Directions for this task:
Read the data and repeat all of it exactly.

======== Excerpted data ========

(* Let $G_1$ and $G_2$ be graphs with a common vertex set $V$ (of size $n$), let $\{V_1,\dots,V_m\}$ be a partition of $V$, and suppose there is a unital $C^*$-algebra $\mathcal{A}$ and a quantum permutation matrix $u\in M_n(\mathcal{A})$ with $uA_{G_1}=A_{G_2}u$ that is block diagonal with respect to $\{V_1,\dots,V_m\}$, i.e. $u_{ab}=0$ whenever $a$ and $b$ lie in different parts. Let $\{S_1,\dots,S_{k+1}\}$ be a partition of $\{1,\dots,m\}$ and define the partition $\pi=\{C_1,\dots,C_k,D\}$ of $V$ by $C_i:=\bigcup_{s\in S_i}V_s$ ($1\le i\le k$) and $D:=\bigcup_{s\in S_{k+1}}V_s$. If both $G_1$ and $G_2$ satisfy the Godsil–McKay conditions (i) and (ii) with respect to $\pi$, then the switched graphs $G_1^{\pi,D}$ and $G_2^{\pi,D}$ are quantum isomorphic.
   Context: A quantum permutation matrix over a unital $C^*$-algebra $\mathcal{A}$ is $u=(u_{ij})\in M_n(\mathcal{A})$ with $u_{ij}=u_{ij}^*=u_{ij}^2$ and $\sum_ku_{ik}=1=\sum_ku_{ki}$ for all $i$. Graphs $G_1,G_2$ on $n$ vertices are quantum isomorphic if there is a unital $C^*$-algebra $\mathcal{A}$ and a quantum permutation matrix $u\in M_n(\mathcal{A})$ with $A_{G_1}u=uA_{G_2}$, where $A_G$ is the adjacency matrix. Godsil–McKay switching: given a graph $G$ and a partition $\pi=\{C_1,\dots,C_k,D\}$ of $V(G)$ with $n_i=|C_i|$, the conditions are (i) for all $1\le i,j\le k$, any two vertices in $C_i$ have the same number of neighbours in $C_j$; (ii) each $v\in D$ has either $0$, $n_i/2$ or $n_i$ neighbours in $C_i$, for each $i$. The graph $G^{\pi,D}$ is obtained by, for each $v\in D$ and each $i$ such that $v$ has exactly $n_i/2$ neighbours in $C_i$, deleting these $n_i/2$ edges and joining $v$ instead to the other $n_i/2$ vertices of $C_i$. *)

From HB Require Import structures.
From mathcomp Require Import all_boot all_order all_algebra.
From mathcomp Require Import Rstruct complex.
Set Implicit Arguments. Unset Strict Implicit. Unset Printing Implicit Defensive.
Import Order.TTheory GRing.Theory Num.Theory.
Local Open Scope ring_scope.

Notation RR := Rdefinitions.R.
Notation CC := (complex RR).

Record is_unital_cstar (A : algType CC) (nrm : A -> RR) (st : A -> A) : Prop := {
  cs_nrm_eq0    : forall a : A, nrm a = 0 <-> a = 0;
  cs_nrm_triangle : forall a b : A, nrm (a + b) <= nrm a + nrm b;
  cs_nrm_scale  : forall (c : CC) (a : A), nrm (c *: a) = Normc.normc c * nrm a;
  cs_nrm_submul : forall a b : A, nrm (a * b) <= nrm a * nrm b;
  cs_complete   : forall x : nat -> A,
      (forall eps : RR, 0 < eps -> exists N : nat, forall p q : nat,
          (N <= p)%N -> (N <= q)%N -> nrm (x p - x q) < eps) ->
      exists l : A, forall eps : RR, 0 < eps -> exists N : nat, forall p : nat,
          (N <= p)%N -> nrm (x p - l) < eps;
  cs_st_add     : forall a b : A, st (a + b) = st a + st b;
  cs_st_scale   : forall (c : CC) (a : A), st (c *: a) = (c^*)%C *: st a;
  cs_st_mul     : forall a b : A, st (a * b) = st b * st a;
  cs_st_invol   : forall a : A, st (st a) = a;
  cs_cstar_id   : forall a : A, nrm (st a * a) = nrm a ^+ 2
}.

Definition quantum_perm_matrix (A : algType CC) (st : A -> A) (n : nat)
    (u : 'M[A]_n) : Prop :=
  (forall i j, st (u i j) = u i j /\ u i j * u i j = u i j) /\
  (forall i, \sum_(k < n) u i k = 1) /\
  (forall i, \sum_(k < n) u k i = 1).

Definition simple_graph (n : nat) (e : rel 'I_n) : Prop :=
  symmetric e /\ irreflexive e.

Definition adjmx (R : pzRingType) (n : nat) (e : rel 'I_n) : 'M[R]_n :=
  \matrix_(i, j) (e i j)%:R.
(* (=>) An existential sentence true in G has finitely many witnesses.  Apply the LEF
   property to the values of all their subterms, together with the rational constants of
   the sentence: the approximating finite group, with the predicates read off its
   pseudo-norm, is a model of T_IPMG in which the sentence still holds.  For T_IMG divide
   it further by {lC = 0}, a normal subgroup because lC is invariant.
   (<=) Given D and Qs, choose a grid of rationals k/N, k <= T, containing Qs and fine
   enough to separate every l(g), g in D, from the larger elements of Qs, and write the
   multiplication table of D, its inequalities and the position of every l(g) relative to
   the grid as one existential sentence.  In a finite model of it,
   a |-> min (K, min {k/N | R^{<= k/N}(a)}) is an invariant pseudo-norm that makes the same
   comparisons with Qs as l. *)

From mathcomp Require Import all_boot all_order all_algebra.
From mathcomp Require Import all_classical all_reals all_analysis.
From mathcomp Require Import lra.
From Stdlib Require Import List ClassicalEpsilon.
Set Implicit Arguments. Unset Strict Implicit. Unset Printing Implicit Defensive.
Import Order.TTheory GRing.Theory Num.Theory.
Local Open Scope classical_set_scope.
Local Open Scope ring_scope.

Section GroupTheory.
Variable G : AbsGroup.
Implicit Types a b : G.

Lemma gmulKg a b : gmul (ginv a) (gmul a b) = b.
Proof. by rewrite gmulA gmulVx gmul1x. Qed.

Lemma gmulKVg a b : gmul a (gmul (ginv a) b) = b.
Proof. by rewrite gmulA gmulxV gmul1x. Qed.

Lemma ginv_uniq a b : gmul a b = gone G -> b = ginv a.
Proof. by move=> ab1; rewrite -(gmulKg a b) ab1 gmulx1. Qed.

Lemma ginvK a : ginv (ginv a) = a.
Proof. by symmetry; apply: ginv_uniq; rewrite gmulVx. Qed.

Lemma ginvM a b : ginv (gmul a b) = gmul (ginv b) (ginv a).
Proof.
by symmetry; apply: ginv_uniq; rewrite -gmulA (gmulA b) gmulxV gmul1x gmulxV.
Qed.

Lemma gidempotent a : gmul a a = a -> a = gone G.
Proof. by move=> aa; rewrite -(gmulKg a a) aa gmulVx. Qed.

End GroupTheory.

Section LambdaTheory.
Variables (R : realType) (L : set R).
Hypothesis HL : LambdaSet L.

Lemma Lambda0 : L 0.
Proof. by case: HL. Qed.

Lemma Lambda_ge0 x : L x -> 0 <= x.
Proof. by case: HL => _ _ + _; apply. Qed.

========

Finished exercise:
(* Let $G_1$ and $G_2$ be graphs with a common vertex set $V$ (of size $n$), let $\{V_1,\dots,V_m\}$ be a partition of $V$, and suppose there is a unital $C^*$-algebra $\mathcal{A}$ and a quantum permutation matrix $u\in M_n(\mathcal{A})$ with $uA_{G_1}=A_{G_2}u$ that is block diagonal with respect to $\{V_1,\dots,V_m\}$, i.e. $u_{ab}=0$ whenever $a$ and $b$ lie in different parts. Let $\{S_1,\dots,S_{k+1}\}$ be a partition of $\{1,\dots,m\}$ and define the partition $\pi=\{C_1,\dots,C_k,D\}$ of $V$ by $C_i:=\bigcup_{s\in S_i}V_s$ ($1\le i\le k$) and $D:=\bigcup_{s\in S_{k+1}}V_s$. If both $G_1$ and $G_2$ satisfy the Godsil–McKay conditions (i) and (ii) with respect to $\pi$, then the switched graphs $G_1^{\pi,D}$ and $G_2^{\pi,D}$ are quantum isomorphic.
   Context: A quantum permutation matrix over a unital $C^*$-algebra $\mathcal{A}$ is $u=(u_{ij})\in M_n(\mathcal{A})$ with $u_{ij}=u_{ij}^*=u_{ij}^2$ and $\sum_ku_{ik}=1=\sum_ku_{ki}$ for all $i$. Graphs $G_1,G_2$ on $n$ vertices are quantum isomorphic if there is a unital $C^*$-algebra $\mathcal{A}$ and a quantum permutation matrix $u\in M_n(\mathcal{A})$ with $A_{G_1}u=uA_{G_2}$, where $A_G$ is the adjacency matrix. Godsil–McKay switching: given a graph $G$ and a partition $\pi=\{C_1,\dots,C_k,D\}$ of $V(G)$ with $n_i=|C_i|$, the conditions are (i) for all $1\le i,j\le k$, any two vertices in $C_i$ have the same number of neighbours in $C_j$; (ii) each $v\in D$ has either $0$, $n_i/2$ or $n_i$ neighbours in $C_i$, for each $i$. The graph $G^{\pi,D}$ is obtained by, for each $v\in D$ and each $i$ such that $v$ has exactly $n_i/2$ neighbours in $C_i$, deleting these $n_i/2$ edges and joining $v$ instead to the other $n_i/2$ vertices of $C_i$. *)

From HB Require Import structures.
From mathcomp Require Import all_boot all_order all_algebra.
From mathcomp Require Import Rstruct complex.
Set Implicit Arguments. Unset Strict Implicit. Unset Printing Implicit Defensive.
Import Order.TTheory GRing.Theory Num.Theory.
Local Open Scope ring_scope.

Notation RR := Rdefinitions.R.
Notation CC := (complex RR).

Record is_unital_cstar (A : algType CC) (nrm : A -> RR) (st : A -> A) : Prop := {
  cs_nrm_eq0    : forall a : A, nrm a = 0 <-> a = 0;
  cs_nrm_triangle : forall a b : A, nrm (a + b) <= nrm a + nrm b;
  cs_nrm_scale  : forall (c : CC) (a : A), nrm (c *: a) = Normc.normc c * nrm a;
  cs_nrm_submul : forall a b : A, nrm (a * b) <= nrm a * nrm b;
  cs_complete   : forall x : nat -> A,
      (forall eps : RR, 0 < eps -> exists N : nat, forall p q : nat,
          (N <= p)%N -> (N <= q)%N -> nrm (x p - x q) < eps) ->
      exists l : A, forall eps : RR, 0 < eps -> exists N : nat, forall p : nat,
          (N <= p)%N -> nrm (x p - l) < eps;
  cs_st_add     : forall a b : A, st (a + b) = st a + st b;
  cs_st_scale   : forall (c : CC) (a : A), st (c *: a) = (c^*)%C *: st a;
  cs_st_mul     : forall a b : A, st (a * b) = st b * st a;
  cs_st_invol   : forall a : A, st (st a) = a;
  cs_cstar_id   : forall a : A, nrm (st a * a) = nrm a ^+ 2
}.

Definition quantum_perm_matrix (A : algType CC) (st : A -> A) (n : nat)
    (u : 'M[A]_n) : Prop :=
  (forall i j, st (u i j) = u i j /\ u i j * u i j = u i j) /\
  (forall i, \sum_(k < n) u i k = 1) /\
  (forall i, \sum_(k < n) u k i = 1).

Definition simple_graph (n : nat) (e : rel 'I_n) : Prop :=
  symmetric e /\ irreflexive e.

Definition adjmx (R : pzRingType) (n : nat) (e : rel 'I_n) : 'M[R]_n :=
  \matrix_(i, j) (e i j)%:R.
(* (=>) An existential sentence true in G has finitely many witnesses.  Apply the LEF
   property to the values of all their subterms, together with the rational constants of
   the sentence: the approximating finite group, with the predicates read off its
   pseudo-norm, is a model of T_IPMG in which the sentence still holds.  For T_IMG divide
   it further by {lC = 0}, a normal subgroup because lC is invariant.
   (<=) Given D and Qs, choose a grid of rationals k/N, k <= T, containing Qs and fine
   enough to separate every l(g), g in D, from the larger elements of Qs, and write the
   multiplication table of D, its inequalities and the position of every l(g) relative to
   the grid as one existential sentence.  In a finite model of it,
   a |-> min (K, min {k/N | R^{<= k/N}(a)}) is an invariant pseudo-norm that makes the same
   comparisons with Qs as l. *)

From mathcomp Require Import all_boot all_order all_algebra.
From mathcomp Require Import all_classical all_reals all_analysis.
From mathcomp Require Import lra.
From Stdlib Require Import List ClassicalEpsilon.
Set Implicit Arguments. Unset Strict Implicit. Unset Printing Implicit Defensive.
Import Order.TTheory GRing.Theory Num.Theory.
Local Open Scope classical_set_scope.
Local Open Scope ring_scope.

Section GroupTheory.
Variable G : AbsGroup.
Implicit Types a b : G.

Lemma gmulKg a b : gmul (ginv a) (gmul a b) = b.
Proof. by rewrite gmulA gmulVx gmul1x. Qed.

Lemma gmulKVg a b : gmul a (gmul (ginv a) b) = b.
Proof. by rewrite gmulA gmulxV gmul1x. Qed.

Lemma ginv_uniq a b : gmul a b = gone G -> b = ginv a.
Proof. by move=> ab1; rewrite -(gmulKg a b) ab1 gmulx1. Qed.

Lemma ginvK a : ginv (ginv a) = a.
Proof. by symmetry; apply: ginv_uniq; rewrite gmulVx. Qed.

Lemma ginvM a b : ginv (gmul a b) = gmul (ginv b) (ginv a).
Proof.
by symmetry; apply: ginv_uniq; rewrite -gmulA (gmulA b) gmulxV gmul1x gmulxV.
Qed.

Lemma gidempotent a : gmul a a = a -> a = gone G.
Proof. by move=> aa; rewrite -(gmulKg a a) aa gmulVx. Qed.

End GroupTheory.

Section LambdaTheory.
Variables (R : realType) (L : set R).
Hypothesis HL : LambdaSet L.

Lemma Lambda0 : L 0.
Proof. by case: HL. Qed.

Lemma Lambda_ge0 x : L x -> 0 <= x.
Proof. by case: HL => _ _ + _; apply. Qed.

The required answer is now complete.